I used to take a month off once in a while, hoping for a little clarity and to prove that I could I guess. It impressed the hell out of my drunk friends and family but for me it was frustratingly inconclusive. I really hated taking a summer month off, it felt like I had sand in my mouth all the time and I was very agitated. I started to take December because I don't like Christmas and that is the time that my depression was the worst. It didn't seem to help much, setting aside the obvious benefits of not drinking myself half to death. I missed wearing a lampshade at the holiday parties and I didn't even seem to enjoy not being hungover. I wondered if my depression wasn't worse without the warm mask of drinking. Maybe it was.

After three years of sobriety my depression is much much better and I believe that I have some clarity. The most obvious thing to me is that alcohol is a depressant and should be avoided by depressed people and most certainly not mixed with any kind of anti depressant medication.
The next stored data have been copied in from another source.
(** * Normal forms *)

(* A normal form [(a, b, l)] with [l = [s_1; ...; s_k]] stands for
   s_k ... s_1 c^a d^b, where the syllable [(m, false)] is c^m q and [(m, true)]
   is d^m q^-1. *)
Definition syllable : Type := (Z * bool)%type.
Definition nform : Type := (Z * Z * list syllable)%type.

Definition word_of_syllable (x : syllable) : word :=
  let '(m, s) := x in if s then dpow m ++ wqi else cpow m ++ wq.

Fixpoint word_of_syllables (l : list syllable) : word :=
  match l with
  | [] => []
  | x :: t => word_of_syllables t ++ word_of_syllable x
  end.

Definition word_of_nf (s : nform) : word :=
  let '(a, b, l) := s in word_of_syllables l ++ cpow a ++ dpow b.

(* A zero syllable after one of the other kind would contain q q^-1 or q^-1 q. *)
Fixpoint reduced (l : list syllable) : Prop :=
  match l with
  | (m1, s1) :: ((m2, s2) :: _) as t => (m1 <> 0 \/ s1 = s2) /\ reduced t
  | _ => True
  end.

(* Right multiplication by a letter, using d^b q = q c^b and c^a q^-1 = q^-1 d^a;
   the pinches d^m q^-1 q = d^m and c^m q q^-1 = c^m are cancelled on the spot. *)
Definition nf_step (s : nform) (x : letter) : nform :=
  let '(a, b, l) := s in
  match x with
  | (Gc, false) => (a + 1, b, l)
  | (Gc, true) => (a - 1, b, l)
  | (Gq, false) =>
      match l with
      | (m, true) :: t => if a =? 0 then (b, m, t) else (b, 0, (a, false) :: l)
      | _ => (b, 0, (a, false) :: l)
      end
  | (Gq, true) =>
      match l with
      | (m, false) :: t => if b =? 0 then (m, a, t) else (0, a, (b, true) :: l)
      | _ => (0, a, (b, true) :: l)
      end
  end.

Definition nf_steps (s : nform) (w : word) : nform := fold_left nf_step w s.

Definition normal_form (w : word) : nform := nf_steps (0, 0, []) w.

Lemma reduced_cons2 m1 s1 m2 s2 t :
  reduced ((m1, s1) :: (m2, s2) :: t) = ((m1 <> 0 \/ s1 = s2) /\ reduced ((m2, s2) :: t)).
Proof. reflexivity. Qed.

Lemma reduced_tail x t : reduced (x :: t) -> reduced t.
Proof. destruct x, t as [|[]]; cbn; tauto. Qed.

Lemma reduced_one x : reduced [x].
Proof. now destruct x. Qed.

Arguments reduced : simpl never.

Ltac case_eqb :=
  repeat match goal with |- context [?x =? ?y] => destruct (Z.eqb_spec x y) end.

Lemma nf_step_reduced s x : reduced (snd s) -> reduced (snd (nf_step s x)).
Proof.
  destruct s as [[a b] l], x as [[|] [|]]; cbn [snd]; intros Hl; try exact Hl;
    destruct l as [|[m [|]] t]; cbn [nf_step snd]; case_eqb; cbn [snd];
    try apply reduced_one; try (now apply reduced_tail in Hl);
    rewrite reduced_cons2; tauto.
Qed.

Lemma nf_steps_reduced s w : reduced (snd s) -> reduced (snd (nf_steps s w)).
Proof.
  revert s. induction w as [|x w IH]; intros s Hs; [exact Hs|].
  apply IH, nf_step_reduced, Hs.
Qed.

Lemma nf_steps_app s u v : nf_steps s (u ++ v) = nf_steps (nf_steps s u) v.
Proof. apply fold_left_app. Qed.

Lemma nf_step_cancel s x : reduced (snd s) -> nf_step (nf_step s x) (linv x) = s.
Proof.
  destruct s as [[a b] l], x as [[|] [|]]; cbn [snd]; intros Hl;
    cbn [nf_step linv fst snd negb].
  1: now rewrite Z.sub_add.
  1: now rewrite Z.add_simpl_r.
  (* a second pinch right after the first one would contradict reducedness *)
  all: destruct l as [|[m [|]] t]; cbn; case_eqb; cbn; case_eqb; try reflexivity;
    subst; destruct t as [|[m' [|]] t]; try reflexivity;
    rewrite reduced_cons2 in Hl; intuition congruence.
Qed.

Lemma nf_steps_app_winv s w : reduced (snd s) -> nf_steps s (w ++ winv w) = s.
Proof.
  revert s. induction w as [|x w IH]; intros s Hs; [reflexivity|].
  change ((x :: w) ++ winv (x :: w)) with ([x] ++ w ++ winv w ++ [linv x]).
  rewrite (app_assoc w), (nf_steps_app s [x]), nf_steps_app, IH
    by now apply nf_steps_reduced.
  now apply nf_step_cancel.
Qed.

Lemma nf_steps_wc1 a b l : reduced l -> nf_steps (a, b, l) wc1 = (a, b + 1, l).
Proof.
  intros Hl. destruct l as [|[m [|]] t]; cbn; case_eqb; try reflexivity.
  subst. destruct t as [|[m' [|]] t]; cbn; case_eqb; try reflexivity.
  subst. rewrite reduced_cons2 in Hl. intuition congruence.
Qed.

Lemma nf_steps_winv_wc1 a b l : reduced l -> nf_steps (a, b, l) (winv wc1) = (a, b - 1, l).
Proof.
  intros Hl. rewrite <- (nf_steps_app_winv (a, b - 1, l) wc1 Hl) at 1.
  now rewrite nf_steps_app, nf_steps_wc1, Z.sub_add.
Qed.

Lemma nf_steps_relator s : reduced (snd s) -> nf_steps s relator = s.
Proof.
  destruct s as [[a b] l]. cbn [snd]. intros Hl. unfold relator.
  rewrite !nf_steps_app.
  change (nf_steps (a, b, l) wc) with (a + 1, b, l).
  rewrite nf_steps_wc1 by exact Hl.
  change (nf_steps (a + 1, b + 1, l) (winv wc)) with (a + 1 - 1, b + 1, l).
  rewrite nf_steps_winv_wc1 by exact Hl.
  now rewrite !Z.add_simpl_r.
Qed.

Lemma nf_steps_eqG u v : eqG u v -> forall s, reduced (snd s) -> nf_steps s u = nf_steps s v.
Proof.
  induction 1 as [| u v _ IH | u v w _ IHuv _ IHvw | u v x | u v]; intros s Hs.
  - reflexivity.
  - now rewrite IH.
  - now rewrite IHuv, IHvw.
  - rewrite !nf_steps_app. cbn [nf_steps fold_left].
    now rewrite nf_step_cancel by now apply nf_steps_reduced.
  - rewrite !nf_steps_app, nf_steps_relator by now apply nf_steps_reduced.
    reflexivity.
Qed.

Lemma word_of_nf_step s x : eqG (word_of_nf (nf_step s x)) (word_of_nf s ++ [x]).
Proof.
  destruct s as [[a b] l], x as [[|] [|]]; cbn [nf_step].
  - cbn [word_of_nf]. rewrite <- !app_assoc. apply eqG_app_l.
    unfold cpow at 1. rewrite zpow_pred, <- app_assoc. apply eqG_app_l.
    apply comm_winv, comm_c_dpow.
  - cbn [word_of_nf]. rewrite <- !app_assoc. apply eqG_app_l.
    unfold cpow at 1. rewrite zpow_succ, <- app_assoc. apply eqG_app_l.
    apply comm_c_dpow.
  - assert (Hpush : eqG (word_of_nf (0, a, (b, true) :: l)) (word_of_nf (a, b, l) ++ wqi)).
    { cbn [word_of_nf word_of_syllables word_of_syllable].
      rewrite cpow_0, app_nil_l, <- !app_assoc. apply eqG_app_l.
      rewrite <- cpow_qi, !app_assoc. apply eqG_app_r, comm_sym, comm_cpow_dpow. }
    destruct l as [|[m [|]] t]; try exact Hpush.
    case_eqb; [|exact Hpush]. subst b.
    cbn [word_of_nf word_of_syllables word_of_syllable].
    rewrite dpow_0, app_nil_r, <- !app_assoc.
    apply eqG_app_l, eqG_app_l, dpow_conj.
  - assert (Hpush : eqG (word_of_nf (b, 0, (a, false) :: l)) (word_of_nf (a, b, l) ++ wq)).
    { cbn [word_of_nf word_of_syllables word_of_syllable].
      rewrite dpow_0, <- !app_assoc, app_nil_r. apply eqG_app_l, eqG_app_l.
      symmetry. apply dpow_q. }
    destruct l as [|[m [|]] t]; try exact Hpush.
    case_eqb; [|exact Hpush]. subst a.
    cbn [word_of_nf word_of_syllables word_of_syllable].
    rewrite cpow_0, <- !app_assoc. apply eqG_app_l.
    change wqi with (winv wq). rewrite app_nil_l, dpow_q, winv_cancel_l_app.
    apply comm_cpow_dpow.
Qed.

Lemma normal_form_app u v : normal_form (u ++ v) = nf_steps (normal_form u) v.
Proof. apply nf_steps_app. Qed.

Lemma normal_form_reduced w : reduced (snd (normal_form w)).
Proof. now apply nf_steps_reduced. Qed.

Lemma word_of_normal_form w : eqG (word_of_nf (normal_form w)) w.
Proof.
  induction w as [|x w IH] using rev_ind; [reflexivity|].
  rewrite normal_form_app. change (nf_steps (normal_form w) [x]) with (nf_step (normal_form w) x).
  rewrite word_of_nf_step, IH. reflexivity.
Qed.

Lemma eqG_iff_normal_form u v : eqG u v <-> normal_form u = normal_form v.
Proof.
  split; intros H.
  - now apply nf_steps_eqG.
  - now rewrite <- (word_of_normal_form u), <- (word_of_normal_form v), H.
Qed.

(** * Left multiplication by c and d *)

(* Left multiplication of the syllables by c ([false]) or d ([true]): the letter
   is absorbed by the first syllable of its own kind; before that it crosses the
   other syllables, using c d^m q^-1 = d^m q^-1 d and d c^m q = c^m q c.  The
   option is the letter that comes out on the right, if any. *)
Fixpoint lmul_syllables (y : bool) (l : list syllable) : list syllable * option bool :=
  match l with
  | [] => ([], Some y)
  | (m, s) :: t =>
      match lmul_syllables y t with
      | (t', None) => ((m, s) :: t', None)
      | (t', Some z) =>
          if Bool.eqb z s then ((m + 1, s) :: t', None) else ((m, s) :: t', Some (negb z))
      end
  end.
Lemma truncate_block {T e} m {x} : bdd_op p T -> 0 < e -> inlp p x ->
  e < lpnorm p (T (tail m x)) ->
  exists2 M, (m <= M)%N & e / 2 < lpnorm p (T (Fproj M (tail m x))).
Proof.
move=> T_bdd e_gt0 x_lp big; have z_lp := inlp_tail m x_lp.
have e2 : 0 < e / 2 by rewrite divr_gt0.
have [M0 _ small] := cvgr0_norm_le _ (bdd_op_tail_cvg0 T_bdd z_lp) _ e2.
pose M := maxn M0 m; exists M; first exact: leq_maxr.
have := small M (leq_maxl M0 m); rewrite /= (ger0_norm (lpnorm_ge0 _)) => tail_small.
have [Fz_lp tz_lp] := (inlp_Fproj M z_lp, inlp_tail M z_lp).
have := lpnormD_le (bdd_op_inlp T_bdd Fz_lp) (bdd_op_inlp T_bdd tz_lp).
rewrite -(bdd_opD T_bdd Fz_lp tz_lp) Fproj_add_tail => le.
rewrite -(ltrD2r (e / 2)) -splitr; apply: lt_le_trans big (le_trans le _).
by rewrite lerD2l.
Qed.

Lemma disjoint_blocks {T e} : bdd_op p T -> 0 < e ->
  (forall n, exists2 x, inlp p x /\ lpnorm p x <= 1 & e < lpnorm p (T (tail n x))) ->
  exists w, [/\ forall k, lpnorm p (w k) <= 1, forall k, inlp p (w k),
    disjoint_supports w & forall k, e / 2 < lpnorm p (T (w k))].
Proof.
move=> T_bdd e_gt0 bad.
have block m : exists Mx : nat * (nat -> R), [/\ (m <= Mx.1)%N, inlp p Mx.2,
    lpnorm p Mx.2 <= 1 & e / 2 < lpnorm p (T (Fproj Mx.1 (tail m Mx.2)))].
  have [x [x_lp x1] big] := bad m.
  by have [M mM half] := truncate_block m T_bdd e_gt0 x_lp big; exists (M, x).
have [g g_block] := choice block.
pose m k := iter k (fun j => (g j).1) 0%N.
pose w k := Fproj (m k.+1) (tail (m k) (g (m k)).2).
have m_mono : {homo m : i j / (i <= j)%N}.
  by apply: homo_leq leqnn leq_trans _ => k; case: (g_block (m k)).
have disj_lt i j k : (i < j)%N -> w i k = 0 \/ w j k = 0.
  move=> ij; case: (ltnP k (m i.+1)) => [k_lt|k_ge]; [right | left]; apply: Fproj_tail_eq0.
    by rewrite (leq_trans k_lt (m_mono _ _ ij)).
  by rewrite k_ge orbT.
exists w; split=> [k|k|i j k|k]; last by case: (g_block (m k)).
- have [_ x_lp x1 _] := g_block (m k).
  apply: le_trans (lpnorm_Fproj_le _ (inlp_tail _ x_lp)) _.
  exact: le_trans (lpnorm_tail_le_lpnorm _ x_lp) x1.
- by have [_ x_lp _ _] := g_block (m k); exact/inlp_Fproj/inlp_tail.
- rewrite neq_ltn => /orP[ij|ji]; first exact: disj_lt.
  by have [|] := disj_lt j i k ji; [right | left].
Qed.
Any brief moments of joy and freedom from the dark cloud are more than offset by the depressive effects that inevitably follow.

When I was finally able to commit to not drinking it didn't matter to me whether it made my gut go away or make me more attractive, smarter, able to fly a hovercraft or anything else, even curing my nagging depression issues, I just had to quit and hope for the best. Tying it to anything else just made it complicated and it had to be simple. I count myself very lucky that it did help my depression. It made it and everything else in my life manageable.